Ride hailing company Grab Holdings will soon be trading on New York's Nasdaq after announcing a nearly $40 billion merger with a publicly listed affiliate of Altimeter Capital, the largest deal of its kind to date.
By merging with an already public shell company, Grab will be able to list without undergoing an IPO in a move that has become increasingly popular on primary markets.
As part of the offering released late Tuesday, the transportation tech startup turned payments and consumer services app will net more than $4 billion in funding from investors including Fidelity International, Blackrock Inc and T. Rowe Price Group Inc, with Altimeter putting in an additional $750 million to give Grab an estimated market value of $39.9 billion.
"This is definitely one of the best internet companies," Altimeter chief executive Brad Gerstner said in an interview with Bloomberg. "The runway ahead is very long and very wide for Grab if they continue to execute."
Grab claimed a roughly 72% share of southeast Asia's ride healing market last year, in addition to half of the region's online food delivery business, and the latest merger will equip the company with ample dry powder to continue expansion.
"This is a milestone in our journey to open up access for everyone to benefit from the digital economy," Grab CEO and co-founder Anthony Tan said in a statement.

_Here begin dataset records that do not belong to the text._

Lemma be_the_leader_ftpl w : (0 < T)%N ->
  \sum_(t < T) l (leader t.+1 w) (x t)
  <= \sum_(t < T) l (beta R x) (x t) + 2 * (\sum_(i < K) w i)%:R.
Proof.
move=> T_gt0.
have /= := @be_the_leader R _ (@in_simplex R K) (leader_loss^~ w) (leader^~ w) T
  (beta R x) (leader_simplex^~ w)
  (fun t q q_simplex => normalized_min _ p0_simplex l_bounded_proper q_simplex)
  (beta_simplex T_gt0).
under eq_bigr do rewrite leader_loss_succ.
have lt_T (F : 'I_T -> R) : \sum_(s < T | (s < T)%N) F s = \sum_(s < T) F s.
  by apply: eq_bigl => s; rewrite ltn_ord.
rewrite leader_lossE lt_T => btl.
have := weighted_loss_bound w l_bounded_proper (beta_simplex T_gt0).
have := weighted_loss_bound (fun j => (w j + cnt x 0 j)%N) l_bounded_proper
  (leader_simplex 0 w).
have -> : (\sum_(j < K) (w j + cnt x 0 j))%N = (\sum_(j < K) w j)%N.
  by apply: eq_bigr => j _; rewrite /cnt big_pred0 ?addn0.
rewrite !ler_norml => /andP[? ?] /andP[? ?].
move: btl; rewrite /leader_loss; lra.
Qed.

Local Notation m := (sqrtT T).
Local Notation N := #|{: noise T K}|.

Lemma sum_ftpl_loss_row (t t0 : 'I_T) :
  \sum_(n : noise T K) l (ftpl_forecast p0 x n t) (x t)
  = \sum_(n : noise T K) l (leader t (fun j => n (t0, j))) (x t).
Proof.
pose sw (q : 'I_T * 'I_K) := (tperm t t0 q.1, q.2).
have sw_bij : bijective sw by apply: inv_bij => -[a b]; rewrite /sw tpermK.
rewrite (sum_ffun_comp_bij _ sw_bij); apply: eq_bigr => n _.
rewrite ftpl_forecastE; congr l.
by apply: eq_leader => j; rewrite ffunE /sw /= tpermL.
Qed.

Lemma sum_leader_succ_le (t t0 : 'I_T) :
  \sum_(n : noise T K) l (leader t (fun j => n (t0, j))) (x t)
  - \sum_(n : noise T K) l (leader t.+1 (fun j => n (t0, j))) (x t)
  <= 2 * N%:R / m.+1%:R.
Proof.
pose h (u : {ffun 'I_T * 'I_K -> nat}) :=
  l (leader t (fun j => u (t0, j))) (x t).
have h_bound u : -1 <= h u <= 1.
  by apply: l_bounded_proper.2; apply: leader_simplex.
apply: le_trans _ (sum_incr_coord_le m (t0, x t) h_bound); rewrite -sumrB.
apply: ler_sum => n _; rewrite /h leader_succE.
rewrite (@eq_leader t _ (fun j => ffun_val n (t0, j))) => [|j]; last first.
  by rewrite ffunE.
rewrite (@eq_leader t (fun j => n (t0, j) + (j == x t))%N
  (fun j => ffun_incr (t0, x t) (ffun_val n) (t0, j))) //.
by move=> j; rewrite !ffunE xpair_eqE eqxx.
Qed.

Lemma sum_regret_ftpl_le : (0 < T)%N ->
  \sum_(n : noise T K) regret l (ftpl_forecast p0 x n) x
  <= N%:R * (2 * T%:R / m.+1%:R + 2 * (K * m)%:R).
Proof.
move=> T_gt0; pose t0 := Ordinal T_gt0.
pose B := \sum_(t < T) l (beta R x) (x t).
pose shifted (n : noise T K) :=
  \sum_(t < T) l (leader t.+1 (fun j => n (t0, j))) (x t).
have shift : \sum_(n : noise T K) regret l (ftpl_forecast p0 x n) x
    <= T%:R * (2 * N%:R / m.+1%:R) + \sum_(n : noise T K) (shifted n - B).
  have -> : T%:R * (2 * N%:R / m.+1%:R) = \sum_(t < T) 2 * N%:R / m.+1%:R :> R.
    by rewrite sumr_const card_ord mulr_natl.
  rewrite /regret /shifted !sumrB -/B addrA lerD2r.
  rewrite exchange_big [X in _ <= _ + X]exchange_big -big_split /=.
  apply: ler_sum => t _.
  rewrite (sum_ftpl_loss_row t t0) -lerBlDr; exact: sum_leader_succ_le.
have btl (n : noise T K) : shifted n - B <= 2 * (K * m)%:R.
  rewrite lerBlDl; apply: le_trans (be_the_leader_ftpl _ T_gt0) _.
  rewrite lerD2l ler_wpM2l // ler_nat.
  apply: (@leq_trans (\sum_(i < K) m)); last by rewrite sum_nat_const card_ord.
  by apply: leq_sum => i _; rewrite -ltnS ltn_ord.
rewrite mulrDr.
have -> : N%:R * (2 * T%:R / m.+1%:R) = T%:R * (2 * N%:R / m.+1%:R) :> R.
  by ring.
apply: le_trans shift _; rewrite lerD2l.
rewrite [leRHS]mulr_natl -sumr_const; exact: ler_sum.
Qed.

End ForecastFTPL.

Lemma natr_le_sqrtr (R : rcfType) (a b : nat) :
  (a * a <= b)%N -> a%:R <= Num.sqrt (b%:R : R).
Proof.
move=> le_ab; rewrite -[leLHS]ger0_norm // -sqrtr_sqr.
by rewrite ler_sqrt // -natrX ler_nat.
Qed.

Lemma sqrtr_le_natr (R : rcfType) (a b : nat) :
  (b <= a * a)%N -> Num.sqrt (b%:R : R) <= a%:R.
Proof.
move=> le_ba; rewrite -[leRHS]ger0_norm // -sqrtr_sqr.
by rewrite ler_sqrt ?sqr_ge0 // -natrX ler_nat.
Qed.

Lemma ftpl_rate (R : rcfType) (K T : nat) : (0 < K)%N ->
  2 * T%:R / (sqrtT T).+1%:R + 2 * (K * sqrtT T)%:R
  <= 4 * K%:R * Num.sqrt (T%:R : R).
Proof.
move=> K_gt0; set m := sqrtT T; set s := Num.sqrt (T%:R : R).
have [le_mT lt_Tm] : (m * m <= T /\ T < m.+1 * m.+1)%N.
  by case: (Nat.sqrt_spec' T) => *; split; [apply/ssrnat.leP|apply/ssrnat.ltP].
have m_le_s : m%:R <= s by apply: natr_le_sqrtr.
have s_le_m1 : s <= m.+1%:R by apply: sqrtr_le_natr; apply: ltnW.
have T_le : T%:R / m.+1%:R <= s.
  rewrite ler_pdivrMr // -[T%:R](@sqr_sqrtr R) ?expr2 ?ler_wpM2l //.
  exact: sqrtr_ge0.
have s_ge0 : 0 <= s by apply: sqrtr_ge0.
have Km_le : K%:R * m%:R <= K%:R * s by rewrite ler_wpM2l.
have s_le_Ks : s <= K%:R * s by rewrite ler_peMl // ler1n.
have -> : 4 * K%:R * s = 2 * (K%:R * s) + 2 * (K%:R * s) :> R by ring.
rewrite natrM -mulrA.
by apply: lerD; rewrite ler_pM2l //; apply: le_trans T_le s_le_Ks.
Qed.

Theorem theorem5p9 (R : realType) :
  exists C : R, forall (K T : nat) (x : 'I_T -> 'I_K)
    (l : {ffun 'I_K -> R} -> 'I_K -> R) (p0 : {ffun 'I_K -> R}),
    in_simplex p0 -> bounded_proper l ->
    exp_regret_ftpl p0 l x <= C * K%:R * Num.sqrt (T%:R).
Proof.
exists 4 => K T x l p0 p0_simplex l_bounded_proper.
have [T0|T_gt0] := posnP T.
  subst T; rewrite /exp_regret_ftpl /regret big1 ?mul0r ?sqrtr0 ?mulr0 //.
  by move=> n _; rewrite !big_ord0 subrr.
have K_gt0 : (0 < K)%N := leq_ltn_trans (leq0n _) (ltn_ord (x (Ordinal T_gt0))).
have N_gt0 : (0 < #|{: noise T K}|)%N.
  by apply/card_gt0P; exists [ffun _ => ord0].
rewrite /exp_regret_ftpl ler_pdivrMr ?ltr0n //.
apply: le_trans (sum_regret_ftpl_le x p0_simplex l_bounded_proper T_gt0) _.
by rewrite [leRHS]mulrC ler_wpM2l // ftpl_rate.
Qed.
(* [|t y| >= 1/4] near [0] while [t v = O(t^(k+1))] with [k + 1 > 0]. *)
Lemma v_prop_const_zero_m_neq0 : IZR m <> 0 -> v 1 / y 1 = 0.
Proof.
  intros Hm0. set (C := v 1 / y 1).
  destruct (Req_dec C 0) as [| HC]; auto. exfalso.
  assert (HCa : 0 < Rabs C) by (apply Rabs_pos_lt; auto).
  assert (Hv0 : 0 <= Rabs v0) by apply Rabs_pos.
  destruct (near0_and _ _ (r_aux_y_lower_near0 n m beta gamma s z HNO Hg Hm0)
    (near0_and _ _ (asym0_pow_bounds v v0 k Hav)
      (Rpower_small_near0 (k + 1) ltac:(lra) (Rabs C / (8 * (Rabs v0 + 1)))
        ltac:(apply Rdiv_lt_0_compat; lra)))) as [d [Hd Hall]].
  destruct (Hall (d / 2) ltac:(lra)) as [Hy1 [[Hv1 _] Hsmall]]. set (t := d / 2) in *.
  assert (Ht : 0 < t) by (unfold t; lra).
  assert (Htv : t * v t = C * (t * y t)) by (rewrite (v_prop_aux_y t Ht); fold C; ring).
  assert (Hl : Rabs C * (1 / 4) <= Rabs (t * v t))
    by (rewrite Htv, Rabs_mult; apply Rmult_le_compat_l; [apply Rabs_pos | exact Hy1]).
  assert (Hr : Rabs (t * v t) <= 2 * Rabs v0 * Rpower t (k + 1)).
  { rewrite Rabs_mult, Rabs_pos_eq, Rpower_plus, Rpower_1 by lra.
    replace (2 * Rabs v0 * (Rpower t k * t)) with (t * (2 * Rabs v0 * Rpower t k)) by ring.
    apply Rmult_le_compat_l; lra. }
  assert (0 < Rpower t (k + 1)) by apply Rpower_pos.
  apply (Rmult_lt_compat_l (2 * (Rabs v0 + 1))) in Hsmall; [| lra].
  replace (2 * (Rabs v0 + 1) * (Rabs C / (8 * (Rabs v0 + 1)))) with (Rabs C / 4) in Hsmall
    by (field; lra).
  nra.
Qed.

Lemma u_v_zero t : 0 < t -> u t = 0 /\ v t = 0.
Proof.
  intros Ht. split; [apply u_zero, Ht |].
  rewrite (v_prop_aux_y t Ht).
  destruct (Req_dec (IZR m) 0);
    [rewrite v_prop_const_zero_m0 | rewrite v_prop_const_zero_m_neq0]; auto; ring.
Qed.


End Contradiction.

Lemma Z_between_or_outside (n : nat) (m : Z) :
  (- 2 * Z.of_nat n < m < 0)%Z \/ (1 <= IZR m \/ IZR m = 0 \/ IZR m <= -2 * INR n).
Proof.
  rewrite INR_IZR_INZ. replace (-2 * IZR (Z.of_nat n)) with (IZR (-2 * Z.of_nat n))
      by (rewrite mult_IZR; reflexivity).
  destruct (Z_lt_le_dec (-2 * Z.of_nat n) m); destruct (Z_lt_le_dec m 0).
  - left. lia.
  - right. destruct (Z.eq_dec m 0) as [-> | Hm]; [right; left; reflexivity | left; apply IZR_le; lia].
  - right. right. right. apply IZR_le. lia.
  - right. right. right. apply IZR_le. lia.
Qed.

Theorem theorem2 (n : nat) (m : Z) (beta gamma : R) (s z u v : R -> R) :
  (1 <= n)%nat -> 0 < beta -> 0 < gamma -> gamma <= 1 ->
  NO_profile n beta s z ->
  C1_pos u -> C2_pos v ->
  ~ (forall r, 0 < r -> u r = 0 /\ v r = 0) ->
  (W_eqs 1 gamma (aux_y gamma n m z) s u v \/
   W_eqs 0 gamma (aux_y gamma n m z) s u v) ->
  (exists k u0 v0 : R, -(1/2) < k /\ asym0_pow u u0 k /\ asym0_pow v v0 k) ->
  decays_W gamma u -> decays_W gamma v ->
  (- 2 * Z.of_nat n < m < 0)%Z.
Proof.
  intros Hn _ Hg Hg1 HNO Hu Hv Hnt HW [k [u0 [v0 [Hk [Hau Hav]]]]] Hdu Hdv.
  destruct (Z_between_or_outside n m) as [| Hcase]; [assumption | exfalso].
  apply Hnt. intros r Hr.
  destruct HW as [HW | HW];
    [apply (u_v_zero 1 n m beta gamma s z u v) with (k := k) (u0 := u0) (v0 := v0)
    | apply (u_v_zero 0 n m beta gamma s z u v) with (k := k) (u0 := u0) (v0 := v0)]; auto.
Qed.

Tan and Harvard Business School classmate Hooi Ling Tan founded Grab in 2012 in Kuala Lumpur as MyTeksi, a mobile app allowing users to book cabs, before rebranding under its current name and relocating to Singapore in 2014.
The company most recently expanded into digital payments with GrabPay, an electronic wallet service which was spun off earlier this year into the Grab Financial Group alongside Grab's personal loan, health and automotive insurance services.
Headed by senior managing director Reuben Lai, Grab Financial Group raised more than $300 million in a series A funding round concluded in January.
"As we become a publicly-traded company, we'll work even harder to create economic empowerment for our communities, because when Southeast Asia succeeds, Grab succeeds," Tan said.
While still unprofitable, Grab is poised to take advantage of economic changes taking place across the region and its growth as a business is mirrored by increasing financial inclusion and consumer spending power in countries across Southeast Asia, which is home to the world's largest unbanked population.
The company expects the regional market for its fintech services to more than triple in the next four years to reach $180 billion by 2025.
JPMorgan Chase & Co, Evercore Inc and Morgan Stanley acted as advisors to Grab in the deal.